DATA FOR PROCESSING below:

(* Convolution $(\sigma,\tau)\mapsto\sigma*\tau$ is a separately continuous map from $\mathcal T\times\mathcal T$ to $\mathcal T$.
   Context: Standing setting: $(X,\|\cdot\|)$ is a separable infinite-dimensional Banach space and $d$ is a translation-invariant stable pseudometric on $X$ such that $\mathrm{Id}\colon(X,\|\cdot\|)\to(X,d)$ is a coarse equivalence ($\omega_{\mathrm{Id}}(t)=\sup\{d(x,y):\|x-y\|\le t\}<\infty$ for all $t$, $\rho_{\mathrm{Id}}(t)=\inf\{d(x,y):\|x-y\|\ge t\}\to\infty$). $\Delta$ is a countable $\|\cdot\|$-dense $\mathbb Q$-linear subspace of $X$; for $x\in\Delta$, $\bar x(\lambda,y)=d(\lambda x,y)$. $\mathcal T$ is the closure of $\{\bar x:x\in\Delta\}$ in $\mathbb R^{\mathbb Q\times\Delta}$ (pointwise topology); a defining sequence for $\sigma\in\mathcal T$ is $(x_n)\subseteq\Delta$ with $\bar x_n\to\sigma$. For $\sigma,\tau\in\mathcal T$ with defining sequences $(x_n),(y_m)$, the convolution is $\sigma*\tau=\lim_n\lim_m\overline{x_n+y_m}$ (this exists and is independent of the defining sequences). *)

From Stdlib Require Import Reals Lra List QArith Qcanon Qreals.
Open Scope R_scope.

Record Banach := mkBanach {
  carrier :> Type;
  vzero : carrier;
  vadd : carrier -> carrier -> carrier;
  vopp : carrier -> carrier;
  vscal : R -> carrier -> carrier;
  vnorm : carrier -> R;
  vadd_assoc : forall x y z, vadd x (vadd y z) = vadd (vadd x y) z;
  vadd_comm : forall x y, vadd x y = vadd y x;
  vadd_0 : forall x, vadd vzero x = x;
  vadd_opp : forall x, vadd x (vopp x) = vzero;
  vscal_1 : forall x, vscal 1 x = x;
  vscal_assoc : forall a b x, vscal a (vscal b x) = vscal (a * b) x;
  vscal_distr_v : forall a x y, vscal a (vadd x y) = vadd (vscal a x) (vscal a y);
  vscal_distr_s : forall a b x, vscal (a + b) x = vadd (vscal a x) (vscal b x);
  vnorm_eq0 : forall x, vnorm x = 0 -> x = vzero;
  vnorm_scal : forall a x, vnorm (vscal a x) = Rabs a * vnorm x;
  vnorm_triangle : forall x y, vnorm (vadd x y) <= vnorm x + vnorm y;
  vcomplete : forall u : nat -> carrier,
    (forall eps, 0 < eps -> exists N, forall n m, (n >= N)%nat -> (m >= N)%nat ->
        vnorm (vadd (u n) (vopp (u m))) < eps) ->
    exists l, forall eps, 0 < eps -> exists N, forall n, (n >= N)%nat ->
        vnorm (vadd (u n) (vopp l)) < eps
}.

Arguments vzero {b0}.
Arguments vadd {b0}.
Arguments vopp {b0}.
Arguments vscal {b0}.
Arguments vnorm {b0}.

Definition vsub {B : Banach} (x y : B) : B := vadd x (vopp y).

Fixpoint lincomb {B : Banach} (c : nat -> R) (v : nat -> B) (n : nat) : B :=
  match n with
  | O => vzero
  | S k => vadd (lincomb c v k) (vscal (c k) (v k))
  end.

Definition separable (B : Banach) : Prop :=
  exists s : nat -> B, forall x eps, 0 < eps -> exists n, vnorm (vsub x (s n)) < eps.

Definition infinite_dimensional (B : Banach) : Prop :=
  forall n, exists v : nat -> B, forall c : nat -> R,
    lincomb c v n = vzero -> forall i, (i < n)%nat -> c i = 0.

Definition pseudometric {B : Banach} (d : B -> B -> R) : Prop :=
  (forall x, d x x = 0) /\ (forall x y, d x y = d y x) /\
  (forall x y z, d x z <= d x y + d y z).

Definition translation_invariant {B : Banach} (d : B -> B -> R) : Prop :=
  forall x y z, d (vadd x z) (vadd y z) = d x y.

Definition d_bounded_seq {B : Banach} (d : B -> B -> R) (x : nat -> B) : Prop :=
  exists z M, forall n, d (x n) z <= M.

(* Stability (Krivine-Maurey / Kalton): for d-bounded sequences, the two
   iterated limits of d(x_n, y_m) coincide whenever they both exist. *)
Definition stable {B : Banach} (d : B -> B -> R) : Prop :=
  forall (x y : nat -> B), d_bounded_seq d x -> d_bounded_seq d y ->
  forall (a b : nat -> R) (l1 l2 : R),
    (forall n, Un_cv (fun m => d (x n) (y m)) (a n)) -> Un_cv a l1 ->
    (forall m, Un_cv (fun n => d (x n) (y m)) (b m)) -> Un_cv b l2 ->
    l1 = l2.

Definition id_coarse_equivalence {B : Banach} (d : B -> B -> R) : Prop :=
  (forall t, exists M, forall x y : B, vnorm (vsub x y) <= t -> d x y <= M) /\
  (forall K, exists t, forall x y : B, t <= vnorm (vsub x y) -> K <= d x y).

Definition good_Delta {B : Banach} (Delta : B -> Prop) : Prop :=
  (exists e : nat -> B, forall x, Delta x -> exists n, e n = x) /\
  (forall x eps, 0 < eps -> exists y, Delta y /\ vnorm (vsub x y) < eps) /\
  Delta vzero /\
  (forall x y, Delta x -> Delta y -> Delta (vadd x y)) /\
  (forall (q : Q) x, Delta x -> Delta (vscal (Q2R q) x)).

(* Coordinates Q x Delta (Q with canonical representatives) *)
Definition coord {B : Banach} (Delta : B -> Prop) : Type :=
  (Qc * {y : B | Delta y})%type.

Definition bar {B : Banach} (d : B -> B -> R) (Delta : B -> Prop) (x : B) :
  coord Delta -> R :=
  fun p => d (vscal (Q2R (this (fst p))) x) (proj1_sig (snd p)).

(* membership in T = closure of {xbar : x in Delta} in R^(Q x Delta),
   product (pointwise) topology *)
Definition inT {B : Banach} (d : B -> B -> R) (Delta : B -> Prop)
  (s : coord Delta -> R) : Prop :=
  forall (F : list (coord Delta)) (eps : R), 0 < eps ->
    exists x, Delta x /\ forall p, In p F -> Rabs (bar d Delta x p - s p) < eps.

Definition def_seq {B : Banach} (d : B -> B -> R) (Delta : B -> Prop)
  (xs : nat -> B) (s : coord Delta -> R) : Prop :=
  (forall n, Delta (xs n)) /\
  (forall p, Un_cv (fun n => bar d Delta (xs n) p) (s p)).

Definition is_convolution {B : Banach} (d : B -> B -> R) (Delta : B -> Prop)
  (c : (coord Delta -> R) -> (coord Delta -> R) -> (coord Delta -> R)) : Prop :=
  forall s t, inT d Delta s -> inT d Delta t ->
  forall xs ys, def_seq d Delta xs s -> def_seq d Delta ys t ->
  forall p, exists L : nat -> R,
    (forall n, Un_cv (fun m => bar d Delta (vadd (xs n) (ys m)) p) (L n)) /\
    Un_cv L (c s t p).

(* continuity of g : T -> R^(Q x Delta), for the (subspace of the) product
   topology on both sides *)
Definition continuous_on_T {B : Banach} (d : B -> B -> R) (Delta : B -> Prop)
  (g : (coord Delta -> R) -> (coord Delta -> R)) : Prop :=
  forall s0, inT d Delta s0 ->
  forall (q : coord Delta) (eps : R), 0 < eps ->
  exists (G : list (coord Delta)) (delta : R), 0 < delta /\
    forall s, inT d Delta s ->
      (forall p, In p G -> Rabs (s p - s0 p) < delta) ->
      Rabs (g s q - g s0 q) < eps.

(* Everything is reduced to sequences, which is possible because the index set
   Q x Delta of the coordinates is countable.  Continuity in the left variable is
   a diagonal argument: if s_k -> s pointwise and (x^k_n)_n defines s_k, then a
   suitable diagonal (x^k_(n_k))_k defines s, and the inner limits
   lim_m d(lambda(x^k_(n_k) + y_m), z) can be made as close to (s_k * t)(lambda, z)
   as we like.  Continuity in the right variable follows from commutativity of
   the convolution, which is exactly where stability of d enters: the two iterated
   limits defining s * t and t * s are the two iterated limits of
   d(lambda x_n, z - lambda y_m). *)

From Stdlib Require Import Reals Lra Lia ZArith List QArith Qcanon Qreals Cantor.
From Stdlib Require Import Classical ClassicalEpsilon ProofIrrelevance.
Open Scope R_scope.

Definition countable (T : Type) := exists f : nat -> T, forall x, exists n, f n = x.

Lemma countable_prod (A B : Type) : countable A -> countable B -> countable (A * B).
Proof.
  intros [f Hf] [g Hg].
  exists (fun n => (f (fst (Cantor.of_nat n)), g (snd (Cantor.of_nat n)))).
  intros [a b]. destruct (Hf a) as [i <-], (Hg b) as [j <-].
  exists (Cantor.to_nat (i, j)). now rewrite Cantor.cancel_of_to.
Qed.

Lemma countable_nat : countable nat.
Proof. exists (fun n => n). intros n. now exists n. Qed.

Lemma countable_Z : countable Z.
Proof.
  destruct (countable_prod _ _ countable_nat countable_nat) as [f Hf].
  exists (fun n => (Z.of_nat (fst (f n)) - Z.of_nat (snd (f n)))%Z).
  intros z. destruct (Hf (Z.to_nat z, Z.to_nat (- z))) as [n Hn].
  exists n. rewrite Hn. simpl. lia.
Qed.

Lemma countable_positive : countable positive.
Proof. exists Pos.of_nat. intros p. exists (Pos.to_nat p). apply Pnat.Pos2Nat.id. Qed.

Lemma countable_Qc : countable Qc.
Proof.
  destruct (countable_prod _ _ countable_Z countable_positive) as [f Hf].
  exists (fun n => Q2Qc (Qmake (fst (f n)) (snd (f n)))).
  intros [[a b] Hq]. destruct (Hf (a, b)) as [n Hn]. exists n. rewrite Hn.
  now apply Qc_decomp.
Qed.

Lemma countable_sig (T : Type) (P : T -> Prop) (x0 : T) :
  P x0 -> (exists e : nat -> T, forall x, P x -> exists n, e n = x) ->
  countable {x : T | P x}.
Proof.
  intros Hx0 [e He].
  exists (fun n => match excluded_middle_informative (P (e n)) with
                   | left h => exist _ (e n) h
                   | right _ => exist _ x0 Hx0
                   end).
  intros [x Hx]. destruct (He x Hx) as [n Hn]. exists n.
  destruct (excluded_middle_informative (P (e n))) as [h|h]; subst x.
  - f_equal. apply proof_irrelevance.
  - contradiction.
Qed.

Lemma Un_cv_const (l : R) : Un_cv (fun _ => l) l.
Proof. intros eps He. exists O. intros n _. rewrite Rdist_eq. lra. Qed.

Lemma Un_cv_bounded_above (a : nat -> R) (l : R) :
  Un_cv a l -> exists M, forall n, a n <= M.
Proof.
  intros Ha. destruct (cauchy_bound a (CV_Cauchy a (exist _ l Ha))) as [M HM].
  exists M. intros n. apply HM. now exists n.
Qed.

Lemma Un_cv_near (a b : nat -> R) (l : R) (j : nat) :
  (forall k, (j < k)%nat -> Rdist (a k) (b k) < RinvN k) -> Un_cv b l -> Un_cv a l.
Proof.
  intros Hab Hb eps He.
  destruct (RinvN_cv (ltac:(lra) : eps / 2 > 0)) as [N1 HN1].
  destruct (Hb (eps / 2) ltac:(lra)) as [N2 HN2].
  exists (max N1 (max N2 (S j))). intros n Hn.
  specialize (HN1 n ltac:(lia)). specialize (HN2 n ltac:(lia)). specialize (Hab n ltac:(lia)).
  unfold Rdist in HN1. rewrite Rminus_0_r, Rabs_pos_eq in HN1 by apply Rlt_le, cond_pos.
  pose proof (Rdist_tri (a n) l (b n)). lra.
Qed.

Lemma eventually_forall_In (T : Type) (P : T -> nat -> Prop) (F : list T) :
  (forall p, In p F -> exists N, forall n, (n >= N)%nat -> P p n) ->
  exists N, forall n, (n >= N)%nat -> forall p, In p F -> P p n.
Proof.
  induction F as [|a F IH]; intros H.
  - exists O. intros n _ p [].
  - destruct (H a (or_introl eq_refl)) as [N1 H1].
    destruct IH as [N2 H2]. { intros p Hp. apply H. now right. }
    exists (max N1 N2). intros n Hn p [<-|Hp].
    + apply H1. lia.
    + apply H2; [lia|assumption].
Qed.

Lemma vadd_0_r (B : Banach) (x : B) : vadd x vzero = x.
Proof. rewrite vadd_comm. apply vadd_0. Qed.

Section TranslationInvariant.

Variables (B : Banach) (d : B -> B -> R).
Hypothesis d_ti : translation_invariant d.

Lemma dist_vadd_l (a b z : B) : d (vadd a b) z = d a (vsub z b).
Proof.
  rewrite <- (d_ti a (vsub z b) b). f_equal. unfold vsub.
  rewrite <- vadd_assoc, (vadd_comm _ (vopp b) b), vadd_opp. symmetry. apply vadd_0_r.
Qed.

End of DATA FOR PROCESSING.

• _WHAT YOU SHOULD DO_:
Bring together all lines of the entries above in which the string "limits" occurs.

• _RESPONSE BELOW_:
   iterated limits of d(x_n, y_m) coincide whenever they both exist. *)
   suitable diagonal (x^k_(n_k))_k defines s, and the inner limits
   limits defining s * t and t * s are the two iterated limits of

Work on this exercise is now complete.